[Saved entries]
▬▬▬▬▬▬

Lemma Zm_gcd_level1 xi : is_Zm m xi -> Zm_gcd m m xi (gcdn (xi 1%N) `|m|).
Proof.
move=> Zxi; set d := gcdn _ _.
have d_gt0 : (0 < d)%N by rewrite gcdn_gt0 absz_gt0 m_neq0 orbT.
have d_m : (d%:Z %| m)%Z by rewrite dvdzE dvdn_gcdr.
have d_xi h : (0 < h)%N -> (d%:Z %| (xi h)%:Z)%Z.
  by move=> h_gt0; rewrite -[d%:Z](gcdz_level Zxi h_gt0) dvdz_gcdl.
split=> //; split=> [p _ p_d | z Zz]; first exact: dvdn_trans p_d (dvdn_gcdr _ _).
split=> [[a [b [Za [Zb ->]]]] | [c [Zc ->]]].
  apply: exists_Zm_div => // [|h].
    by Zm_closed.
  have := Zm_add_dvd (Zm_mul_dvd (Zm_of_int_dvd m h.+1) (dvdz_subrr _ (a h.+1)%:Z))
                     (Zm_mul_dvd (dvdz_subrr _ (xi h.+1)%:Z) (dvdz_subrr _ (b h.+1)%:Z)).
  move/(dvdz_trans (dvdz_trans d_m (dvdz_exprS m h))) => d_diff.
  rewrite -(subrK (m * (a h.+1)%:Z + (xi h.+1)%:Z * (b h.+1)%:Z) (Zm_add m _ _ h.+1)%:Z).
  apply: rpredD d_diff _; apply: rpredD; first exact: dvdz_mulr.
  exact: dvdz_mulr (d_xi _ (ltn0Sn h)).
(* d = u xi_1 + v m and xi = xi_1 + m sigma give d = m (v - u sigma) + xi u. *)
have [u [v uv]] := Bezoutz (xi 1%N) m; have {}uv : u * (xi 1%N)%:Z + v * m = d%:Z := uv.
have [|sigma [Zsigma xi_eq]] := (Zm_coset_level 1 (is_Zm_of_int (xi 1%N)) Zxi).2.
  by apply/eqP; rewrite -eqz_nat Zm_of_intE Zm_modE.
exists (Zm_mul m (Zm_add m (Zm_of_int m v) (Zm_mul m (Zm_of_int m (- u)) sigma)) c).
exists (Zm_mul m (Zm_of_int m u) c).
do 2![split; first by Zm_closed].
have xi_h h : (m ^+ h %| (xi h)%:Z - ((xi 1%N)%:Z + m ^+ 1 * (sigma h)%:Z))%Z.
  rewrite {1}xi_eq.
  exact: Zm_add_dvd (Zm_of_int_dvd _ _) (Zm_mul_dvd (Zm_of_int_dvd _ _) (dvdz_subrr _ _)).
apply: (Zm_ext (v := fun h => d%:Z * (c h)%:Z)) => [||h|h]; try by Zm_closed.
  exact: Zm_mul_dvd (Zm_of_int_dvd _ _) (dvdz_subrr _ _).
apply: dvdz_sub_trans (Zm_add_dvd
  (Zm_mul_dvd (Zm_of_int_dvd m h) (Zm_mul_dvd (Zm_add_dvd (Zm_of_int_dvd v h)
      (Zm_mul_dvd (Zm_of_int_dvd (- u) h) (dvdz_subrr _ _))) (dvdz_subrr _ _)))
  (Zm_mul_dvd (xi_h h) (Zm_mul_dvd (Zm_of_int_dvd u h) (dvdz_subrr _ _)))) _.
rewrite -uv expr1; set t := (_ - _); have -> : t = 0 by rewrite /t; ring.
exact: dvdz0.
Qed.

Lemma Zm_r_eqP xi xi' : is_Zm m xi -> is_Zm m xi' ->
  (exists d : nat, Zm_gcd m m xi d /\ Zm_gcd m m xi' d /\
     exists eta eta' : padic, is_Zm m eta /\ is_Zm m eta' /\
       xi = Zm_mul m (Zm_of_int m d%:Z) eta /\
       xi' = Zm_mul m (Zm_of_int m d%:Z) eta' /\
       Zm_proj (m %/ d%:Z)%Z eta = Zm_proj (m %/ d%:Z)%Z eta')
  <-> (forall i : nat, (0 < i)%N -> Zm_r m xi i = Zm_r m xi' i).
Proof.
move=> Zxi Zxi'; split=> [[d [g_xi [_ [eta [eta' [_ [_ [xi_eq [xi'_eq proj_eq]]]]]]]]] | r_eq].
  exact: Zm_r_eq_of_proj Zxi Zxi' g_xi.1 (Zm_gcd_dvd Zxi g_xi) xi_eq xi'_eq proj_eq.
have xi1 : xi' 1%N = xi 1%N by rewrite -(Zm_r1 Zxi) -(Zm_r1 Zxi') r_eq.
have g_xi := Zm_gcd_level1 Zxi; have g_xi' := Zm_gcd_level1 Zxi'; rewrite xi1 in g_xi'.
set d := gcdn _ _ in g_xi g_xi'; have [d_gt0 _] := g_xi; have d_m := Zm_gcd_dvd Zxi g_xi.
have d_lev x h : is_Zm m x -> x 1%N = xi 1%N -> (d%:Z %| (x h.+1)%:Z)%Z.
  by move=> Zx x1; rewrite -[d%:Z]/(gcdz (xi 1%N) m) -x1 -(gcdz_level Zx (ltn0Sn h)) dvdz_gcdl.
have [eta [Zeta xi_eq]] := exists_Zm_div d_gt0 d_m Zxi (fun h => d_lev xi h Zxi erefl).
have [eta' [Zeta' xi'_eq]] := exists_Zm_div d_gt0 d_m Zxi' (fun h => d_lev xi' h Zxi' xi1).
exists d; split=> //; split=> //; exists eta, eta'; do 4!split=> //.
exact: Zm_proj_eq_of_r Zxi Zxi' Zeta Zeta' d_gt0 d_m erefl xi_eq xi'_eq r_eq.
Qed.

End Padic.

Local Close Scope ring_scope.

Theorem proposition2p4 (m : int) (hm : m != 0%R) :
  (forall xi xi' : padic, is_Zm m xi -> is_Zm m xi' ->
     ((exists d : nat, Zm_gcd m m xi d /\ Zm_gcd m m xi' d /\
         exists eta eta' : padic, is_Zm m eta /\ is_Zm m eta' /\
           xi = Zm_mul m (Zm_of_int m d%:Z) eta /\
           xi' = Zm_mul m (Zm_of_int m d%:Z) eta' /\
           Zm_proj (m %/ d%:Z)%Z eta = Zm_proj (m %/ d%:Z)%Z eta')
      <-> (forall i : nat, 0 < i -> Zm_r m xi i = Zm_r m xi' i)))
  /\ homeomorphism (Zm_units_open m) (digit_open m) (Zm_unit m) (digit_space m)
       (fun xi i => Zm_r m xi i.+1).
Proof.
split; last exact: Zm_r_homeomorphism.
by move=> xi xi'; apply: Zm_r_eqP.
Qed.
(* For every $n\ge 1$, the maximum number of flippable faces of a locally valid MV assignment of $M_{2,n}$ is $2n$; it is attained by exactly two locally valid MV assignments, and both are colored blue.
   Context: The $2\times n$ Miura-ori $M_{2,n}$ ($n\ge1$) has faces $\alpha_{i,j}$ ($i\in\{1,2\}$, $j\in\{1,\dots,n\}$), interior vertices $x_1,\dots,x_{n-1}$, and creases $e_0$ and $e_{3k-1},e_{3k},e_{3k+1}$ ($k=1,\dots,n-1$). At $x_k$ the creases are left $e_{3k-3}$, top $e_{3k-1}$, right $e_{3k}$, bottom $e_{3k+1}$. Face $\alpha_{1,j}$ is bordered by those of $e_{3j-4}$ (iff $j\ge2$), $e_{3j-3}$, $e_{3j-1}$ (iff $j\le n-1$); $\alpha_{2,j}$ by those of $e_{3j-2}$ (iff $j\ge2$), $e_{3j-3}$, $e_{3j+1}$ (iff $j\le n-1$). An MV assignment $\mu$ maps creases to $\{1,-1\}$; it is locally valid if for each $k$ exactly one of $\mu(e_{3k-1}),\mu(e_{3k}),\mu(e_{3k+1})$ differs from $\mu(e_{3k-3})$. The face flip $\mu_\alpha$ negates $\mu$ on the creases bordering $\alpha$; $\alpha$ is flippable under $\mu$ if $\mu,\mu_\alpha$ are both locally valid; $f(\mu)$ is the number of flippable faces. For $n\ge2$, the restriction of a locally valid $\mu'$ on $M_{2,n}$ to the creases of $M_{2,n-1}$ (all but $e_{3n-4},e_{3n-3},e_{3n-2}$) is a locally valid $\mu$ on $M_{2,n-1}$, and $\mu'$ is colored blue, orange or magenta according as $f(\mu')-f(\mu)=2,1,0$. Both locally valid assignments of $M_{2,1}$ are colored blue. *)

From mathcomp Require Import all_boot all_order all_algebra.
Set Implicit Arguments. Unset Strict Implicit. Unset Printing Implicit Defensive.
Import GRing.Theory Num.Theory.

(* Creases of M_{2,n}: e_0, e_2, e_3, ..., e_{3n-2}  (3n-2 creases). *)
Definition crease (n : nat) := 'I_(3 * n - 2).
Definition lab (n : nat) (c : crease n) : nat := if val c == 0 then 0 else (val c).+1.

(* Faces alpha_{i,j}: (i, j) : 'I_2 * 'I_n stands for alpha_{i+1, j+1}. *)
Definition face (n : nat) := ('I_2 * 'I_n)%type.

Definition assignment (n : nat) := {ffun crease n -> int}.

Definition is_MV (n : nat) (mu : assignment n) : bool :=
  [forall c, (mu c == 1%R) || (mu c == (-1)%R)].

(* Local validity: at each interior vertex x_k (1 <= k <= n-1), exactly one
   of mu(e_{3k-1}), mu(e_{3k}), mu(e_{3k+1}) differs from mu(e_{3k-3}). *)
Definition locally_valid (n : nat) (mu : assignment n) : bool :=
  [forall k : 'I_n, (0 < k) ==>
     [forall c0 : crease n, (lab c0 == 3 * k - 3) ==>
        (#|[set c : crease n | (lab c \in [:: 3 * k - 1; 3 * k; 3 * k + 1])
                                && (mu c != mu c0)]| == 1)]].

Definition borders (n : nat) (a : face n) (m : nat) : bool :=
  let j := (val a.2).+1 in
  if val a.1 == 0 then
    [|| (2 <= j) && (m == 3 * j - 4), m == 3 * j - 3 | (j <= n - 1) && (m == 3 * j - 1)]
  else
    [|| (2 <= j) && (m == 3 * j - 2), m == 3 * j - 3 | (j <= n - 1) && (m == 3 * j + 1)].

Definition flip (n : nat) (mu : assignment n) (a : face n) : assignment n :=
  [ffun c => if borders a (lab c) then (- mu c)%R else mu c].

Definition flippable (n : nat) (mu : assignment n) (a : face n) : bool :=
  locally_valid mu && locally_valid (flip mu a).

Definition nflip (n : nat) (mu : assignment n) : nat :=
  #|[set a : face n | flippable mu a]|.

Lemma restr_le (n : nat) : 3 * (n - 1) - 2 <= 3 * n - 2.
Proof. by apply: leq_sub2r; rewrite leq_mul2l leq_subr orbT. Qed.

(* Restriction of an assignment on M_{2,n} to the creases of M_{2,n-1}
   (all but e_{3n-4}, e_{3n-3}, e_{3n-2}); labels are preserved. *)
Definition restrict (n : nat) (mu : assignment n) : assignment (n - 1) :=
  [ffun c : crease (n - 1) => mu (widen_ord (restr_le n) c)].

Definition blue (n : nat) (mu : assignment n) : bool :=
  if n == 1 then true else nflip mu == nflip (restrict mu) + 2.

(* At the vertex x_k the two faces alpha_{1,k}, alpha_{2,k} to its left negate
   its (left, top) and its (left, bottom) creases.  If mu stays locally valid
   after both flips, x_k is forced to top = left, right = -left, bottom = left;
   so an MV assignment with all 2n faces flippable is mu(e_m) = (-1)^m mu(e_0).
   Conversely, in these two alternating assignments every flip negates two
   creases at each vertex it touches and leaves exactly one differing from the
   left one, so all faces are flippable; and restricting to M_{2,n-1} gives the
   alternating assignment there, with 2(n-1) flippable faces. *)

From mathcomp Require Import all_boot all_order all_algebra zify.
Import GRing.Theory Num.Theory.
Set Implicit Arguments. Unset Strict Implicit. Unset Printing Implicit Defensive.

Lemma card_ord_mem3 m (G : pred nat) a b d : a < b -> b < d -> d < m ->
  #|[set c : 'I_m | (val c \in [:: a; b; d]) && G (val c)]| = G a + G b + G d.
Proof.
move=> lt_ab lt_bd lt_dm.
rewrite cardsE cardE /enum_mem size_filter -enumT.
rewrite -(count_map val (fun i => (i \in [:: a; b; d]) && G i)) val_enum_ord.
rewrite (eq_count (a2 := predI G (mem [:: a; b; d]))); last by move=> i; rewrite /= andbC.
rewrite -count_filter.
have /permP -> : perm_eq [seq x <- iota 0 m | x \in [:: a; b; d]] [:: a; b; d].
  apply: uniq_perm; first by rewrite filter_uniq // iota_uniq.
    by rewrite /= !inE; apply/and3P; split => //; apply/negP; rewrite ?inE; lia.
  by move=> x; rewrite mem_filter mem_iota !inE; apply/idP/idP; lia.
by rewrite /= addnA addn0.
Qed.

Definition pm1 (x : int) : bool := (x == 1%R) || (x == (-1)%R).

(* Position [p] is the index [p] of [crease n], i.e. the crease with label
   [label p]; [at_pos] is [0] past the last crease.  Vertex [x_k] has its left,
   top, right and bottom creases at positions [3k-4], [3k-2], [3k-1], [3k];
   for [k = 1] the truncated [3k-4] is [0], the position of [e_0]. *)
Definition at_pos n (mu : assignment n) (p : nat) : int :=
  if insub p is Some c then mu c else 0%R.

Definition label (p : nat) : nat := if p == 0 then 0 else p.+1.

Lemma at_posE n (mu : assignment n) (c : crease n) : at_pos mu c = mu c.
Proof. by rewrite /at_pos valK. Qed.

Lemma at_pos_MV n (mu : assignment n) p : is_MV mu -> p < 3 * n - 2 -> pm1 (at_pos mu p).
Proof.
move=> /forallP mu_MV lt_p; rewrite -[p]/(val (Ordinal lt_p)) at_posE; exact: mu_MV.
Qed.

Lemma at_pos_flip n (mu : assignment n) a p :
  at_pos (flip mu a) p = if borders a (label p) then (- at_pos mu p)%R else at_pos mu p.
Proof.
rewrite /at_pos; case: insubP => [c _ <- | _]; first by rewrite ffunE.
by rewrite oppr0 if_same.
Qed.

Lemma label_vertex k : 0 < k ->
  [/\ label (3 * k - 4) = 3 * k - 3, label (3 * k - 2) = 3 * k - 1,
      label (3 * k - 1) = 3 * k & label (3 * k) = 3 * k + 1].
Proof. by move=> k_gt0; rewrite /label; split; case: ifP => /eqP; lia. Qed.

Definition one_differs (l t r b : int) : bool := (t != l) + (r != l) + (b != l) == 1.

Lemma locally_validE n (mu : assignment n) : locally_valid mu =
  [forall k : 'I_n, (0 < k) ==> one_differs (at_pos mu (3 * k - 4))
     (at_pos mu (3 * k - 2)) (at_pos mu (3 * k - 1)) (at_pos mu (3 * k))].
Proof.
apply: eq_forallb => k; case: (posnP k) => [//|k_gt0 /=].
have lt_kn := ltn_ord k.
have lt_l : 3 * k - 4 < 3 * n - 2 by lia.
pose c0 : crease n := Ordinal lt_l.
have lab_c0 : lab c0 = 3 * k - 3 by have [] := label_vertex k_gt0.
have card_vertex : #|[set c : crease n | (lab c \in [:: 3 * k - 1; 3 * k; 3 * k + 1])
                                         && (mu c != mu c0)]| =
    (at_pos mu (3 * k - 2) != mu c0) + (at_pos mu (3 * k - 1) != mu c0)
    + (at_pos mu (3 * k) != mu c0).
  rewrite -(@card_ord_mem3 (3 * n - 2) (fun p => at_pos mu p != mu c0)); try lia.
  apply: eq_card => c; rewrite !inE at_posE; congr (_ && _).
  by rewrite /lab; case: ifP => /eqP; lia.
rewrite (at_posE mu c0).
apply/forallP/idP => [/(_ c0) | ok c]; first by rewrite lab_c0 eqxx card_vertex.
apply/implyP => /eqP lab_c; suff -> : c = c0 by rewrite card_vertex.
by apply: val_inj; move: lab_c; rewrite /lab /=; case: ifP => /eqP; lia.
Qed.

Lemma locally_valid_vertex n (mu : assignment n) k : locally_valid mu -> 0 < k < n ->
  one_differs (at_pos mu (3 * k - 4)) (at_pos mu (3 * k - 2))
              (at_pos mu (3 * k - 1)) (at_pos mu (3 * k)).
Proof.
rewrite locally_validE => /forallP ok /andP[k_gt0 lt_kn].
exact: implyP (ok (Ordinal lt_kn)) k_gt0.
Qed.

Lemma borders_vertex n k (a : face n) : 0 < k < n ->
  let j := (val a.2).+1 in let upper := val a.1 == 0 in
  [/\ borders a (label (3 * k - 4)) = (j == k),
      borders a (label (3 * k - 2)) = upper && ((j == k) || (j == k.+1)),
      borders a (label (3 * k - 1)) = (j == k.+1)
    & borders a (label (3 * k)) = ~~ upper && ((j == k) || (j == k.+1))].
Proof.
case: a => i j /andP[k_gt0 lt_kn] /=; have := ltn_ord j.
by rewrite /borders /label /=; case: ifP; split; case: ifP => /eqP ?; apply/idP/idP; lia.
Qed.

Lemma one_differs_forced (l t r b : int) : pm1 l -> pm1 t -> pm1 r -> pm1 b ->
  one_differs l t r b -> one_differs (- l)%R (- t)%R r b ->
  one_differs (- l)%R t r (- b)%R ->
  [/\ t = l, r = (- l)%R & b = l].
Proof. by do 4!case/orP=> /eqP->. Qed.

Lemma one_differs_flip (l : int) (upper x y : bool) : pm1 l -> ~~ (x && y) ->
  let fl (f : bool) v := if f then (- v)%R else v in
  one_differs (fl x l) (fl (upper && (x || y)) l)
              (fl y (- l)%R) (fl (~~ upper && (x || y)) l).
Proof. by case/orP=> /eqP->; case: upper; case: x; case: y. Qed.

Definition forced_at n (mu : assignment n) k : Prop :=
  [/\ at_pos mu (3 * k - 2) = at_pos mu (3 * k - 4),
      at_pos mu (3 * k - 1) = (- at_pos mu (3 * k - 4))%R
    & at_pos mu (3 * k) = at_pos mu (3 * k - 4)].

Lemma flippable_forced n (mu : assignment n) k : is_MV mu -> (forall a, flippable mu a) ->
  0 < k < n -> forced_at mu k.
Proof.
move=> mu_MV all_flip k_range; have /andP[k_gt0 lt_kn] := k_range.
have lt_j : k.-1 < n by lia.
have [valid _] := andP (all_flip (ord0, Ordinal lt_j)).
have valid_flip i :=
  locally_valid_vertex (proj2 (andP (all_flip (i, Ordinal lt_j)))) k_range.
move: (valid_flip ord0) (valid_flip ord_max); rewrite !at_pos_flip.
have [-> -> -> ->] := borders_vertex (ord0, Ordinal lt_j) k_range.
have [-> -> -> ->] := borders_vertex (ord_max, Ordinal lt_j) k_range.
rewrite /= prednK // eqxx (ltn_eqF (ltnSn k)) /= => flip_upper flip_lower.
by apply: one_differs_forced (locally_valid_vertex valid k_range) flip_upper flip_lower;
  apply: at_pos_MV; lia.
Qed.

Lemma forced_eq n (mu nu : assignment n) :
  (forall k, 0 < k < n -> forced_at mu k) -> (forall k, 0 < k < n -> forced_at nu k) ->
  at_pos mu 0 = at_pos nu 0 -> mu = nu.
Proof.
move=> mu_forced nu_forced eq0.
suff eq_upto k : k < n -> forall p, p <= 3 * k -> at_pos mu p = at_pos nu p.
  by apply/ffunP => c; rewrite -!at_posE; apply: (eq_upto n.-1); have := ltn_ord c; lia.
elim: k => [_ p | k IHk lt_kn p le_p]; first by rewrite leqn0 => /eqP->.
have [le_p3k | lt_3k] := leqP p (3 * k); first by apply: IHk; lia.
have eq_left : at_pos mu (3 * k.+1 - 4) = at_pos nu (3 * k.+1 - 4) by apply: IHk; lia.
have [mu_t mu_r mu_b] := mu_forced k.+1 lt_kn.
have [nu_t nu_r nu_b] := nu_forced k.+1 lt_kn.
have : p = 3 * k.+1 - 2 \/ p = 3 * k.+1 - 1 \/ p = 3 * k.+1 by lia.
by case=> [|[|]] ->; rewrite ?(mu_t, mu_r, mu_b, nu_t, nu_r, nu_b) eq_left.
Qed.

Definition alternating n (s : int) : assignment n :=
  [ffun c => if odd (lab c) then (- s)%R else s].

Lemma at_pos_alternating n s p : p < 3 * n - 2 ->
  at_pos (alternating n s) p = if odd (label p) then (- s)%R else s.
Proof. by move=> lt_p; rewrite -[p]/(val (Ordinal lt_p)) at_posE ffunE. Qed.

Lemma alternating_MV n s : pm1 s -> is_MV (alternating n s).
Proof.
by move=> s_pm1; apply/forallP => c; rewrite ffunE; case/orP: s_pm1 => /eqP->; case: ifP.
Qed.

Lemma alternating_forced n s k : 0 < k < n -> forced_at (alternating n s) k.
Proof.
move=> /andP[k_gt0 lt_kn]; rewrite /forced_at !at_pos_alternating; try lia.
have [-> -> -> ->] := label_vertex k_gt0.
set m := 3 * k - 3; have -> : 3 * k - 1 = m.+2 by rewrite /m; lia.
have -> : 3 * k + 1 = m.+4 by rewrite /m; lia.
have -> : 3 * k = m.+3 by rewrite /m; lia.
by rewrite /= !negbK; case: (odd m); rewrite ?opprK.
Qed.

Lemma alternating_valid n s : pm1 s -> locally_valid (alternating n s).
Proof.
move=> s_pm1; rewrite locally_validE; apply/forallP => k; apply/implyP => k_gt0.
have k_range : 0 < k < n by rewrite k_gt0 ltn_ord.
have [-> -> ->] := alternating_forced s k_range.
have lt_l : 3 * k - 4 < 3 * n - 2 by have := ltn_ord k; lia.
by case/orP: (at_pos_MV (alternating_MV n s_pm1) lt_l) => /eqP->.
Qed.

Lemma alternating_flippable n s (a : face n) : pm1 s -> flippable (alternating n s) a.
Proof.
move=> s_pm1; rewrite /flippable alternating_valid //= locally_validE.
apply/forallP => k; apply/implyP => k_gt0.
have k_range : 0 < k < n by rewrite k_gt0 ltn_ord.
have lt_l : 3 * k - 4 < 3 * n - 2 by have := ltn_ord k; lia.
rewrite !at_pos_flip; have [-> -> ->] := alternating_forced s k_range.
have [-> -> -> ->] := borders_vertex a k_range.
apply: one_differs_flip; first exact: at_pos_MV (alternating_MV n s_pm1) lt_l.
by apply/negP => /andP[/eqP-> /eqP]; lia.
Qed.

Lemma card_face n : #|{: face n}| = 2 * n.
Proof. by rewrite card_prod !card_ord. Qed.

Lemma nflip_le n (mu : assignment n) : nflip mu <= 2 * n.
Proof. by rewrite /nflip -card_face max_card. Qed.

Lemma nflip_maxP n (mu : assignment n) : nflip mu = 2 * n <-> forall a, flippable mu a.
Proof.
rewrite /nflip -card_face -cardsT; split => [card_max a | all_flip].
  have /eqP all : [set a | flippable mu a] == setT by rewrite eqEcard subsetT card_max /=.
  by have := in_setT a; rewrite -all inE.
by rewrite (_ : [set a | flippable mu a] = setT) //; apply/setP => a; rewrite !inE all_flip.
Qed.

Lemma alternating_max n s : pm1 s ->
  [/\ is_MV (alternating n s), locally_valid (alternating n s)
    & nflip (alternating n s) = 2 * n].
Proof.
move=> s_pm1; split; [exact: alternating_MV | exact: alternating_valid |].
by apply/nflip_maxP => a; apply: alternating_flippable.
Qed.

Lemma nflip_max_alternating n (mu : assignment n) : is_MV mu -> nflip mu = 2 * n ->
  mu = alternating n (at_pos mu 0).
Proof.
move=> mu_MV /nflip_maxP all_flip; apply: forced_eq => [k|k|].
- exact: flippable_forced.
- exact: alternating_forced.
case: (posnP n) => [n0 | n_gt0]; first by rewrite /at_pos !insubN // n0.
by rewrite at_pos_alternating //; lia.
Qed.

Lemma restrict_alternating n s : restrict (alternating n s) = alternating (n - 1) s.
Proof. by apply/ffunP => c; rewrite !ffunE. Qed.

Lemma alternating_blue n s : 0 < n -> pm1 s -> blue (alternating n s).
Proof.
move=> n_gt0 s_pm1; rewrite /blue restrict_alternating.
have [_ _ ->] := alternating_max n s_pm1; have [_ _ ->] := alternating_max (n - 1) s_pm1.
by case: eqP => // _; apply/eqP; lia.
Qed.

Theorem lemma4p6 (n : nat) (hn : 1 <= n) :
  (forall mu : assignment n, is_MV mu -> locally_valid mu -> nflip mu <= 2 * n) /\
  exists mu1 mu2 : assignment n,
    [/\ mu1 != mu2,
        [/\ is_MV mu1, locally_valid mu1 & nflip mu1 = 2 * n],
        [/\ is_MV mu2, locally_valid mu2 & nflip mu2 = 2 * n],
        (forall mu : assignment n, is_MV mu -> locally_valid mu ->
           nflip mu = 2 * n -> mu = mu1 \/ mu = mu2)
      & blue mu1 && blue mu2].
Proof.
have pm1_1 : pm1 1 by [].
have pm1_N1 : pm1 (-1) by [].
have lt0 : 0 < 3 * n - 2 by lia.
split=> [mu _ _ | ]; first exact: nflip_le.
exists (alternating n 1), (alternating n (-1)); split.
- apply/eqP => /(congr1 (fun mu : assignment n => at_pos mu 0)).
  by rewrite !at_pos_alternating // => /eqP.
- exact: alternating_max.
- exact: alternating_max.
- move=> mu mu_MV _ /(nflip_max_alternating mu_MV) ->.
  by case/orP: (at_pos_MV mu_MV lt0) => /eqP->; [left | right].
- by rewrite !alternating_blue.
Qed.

▬▬▬▬▬▬

__ABOUT THIS TASK__
Among the entries above, the lines between the ones containing "Lemma at_pos_alternating n" and "have [-> -> -> ->] := label_vertex k_gt0.", inclusive, are to be transcribed exactly. No other line is to be given.

__OUTPUT FOR THIS TASK__
Lemma at_pos_alternating n s p : p < 3 * n - 2 ->
  at_pos (alternating n s) p = if odd (label p) then (- s)%R else s.
Proof. by move=> lt_p; rewrite -[p]/(val (Ordinal lt_p)) at_posE ffunE. Qed.

Lemma alternating_MV n s : pm1 s -> is_MV (alternating n s).
Proof.
by move=> s_pm1; apply/forallP => c; rewrite ffunE; case/orP: s_pm1 => /eqP->; case: ifP.
Qed.

Lemma alternating_forced n s k : 0 < k < n -> forced_at (alternating n s) k.
Proof.
move=> /andP[k_gt0 lt_kn]; rewrite /forced_at !at_pos_alternating; try lia.
have [-> -> -> ->] := label_vertex k_gt0.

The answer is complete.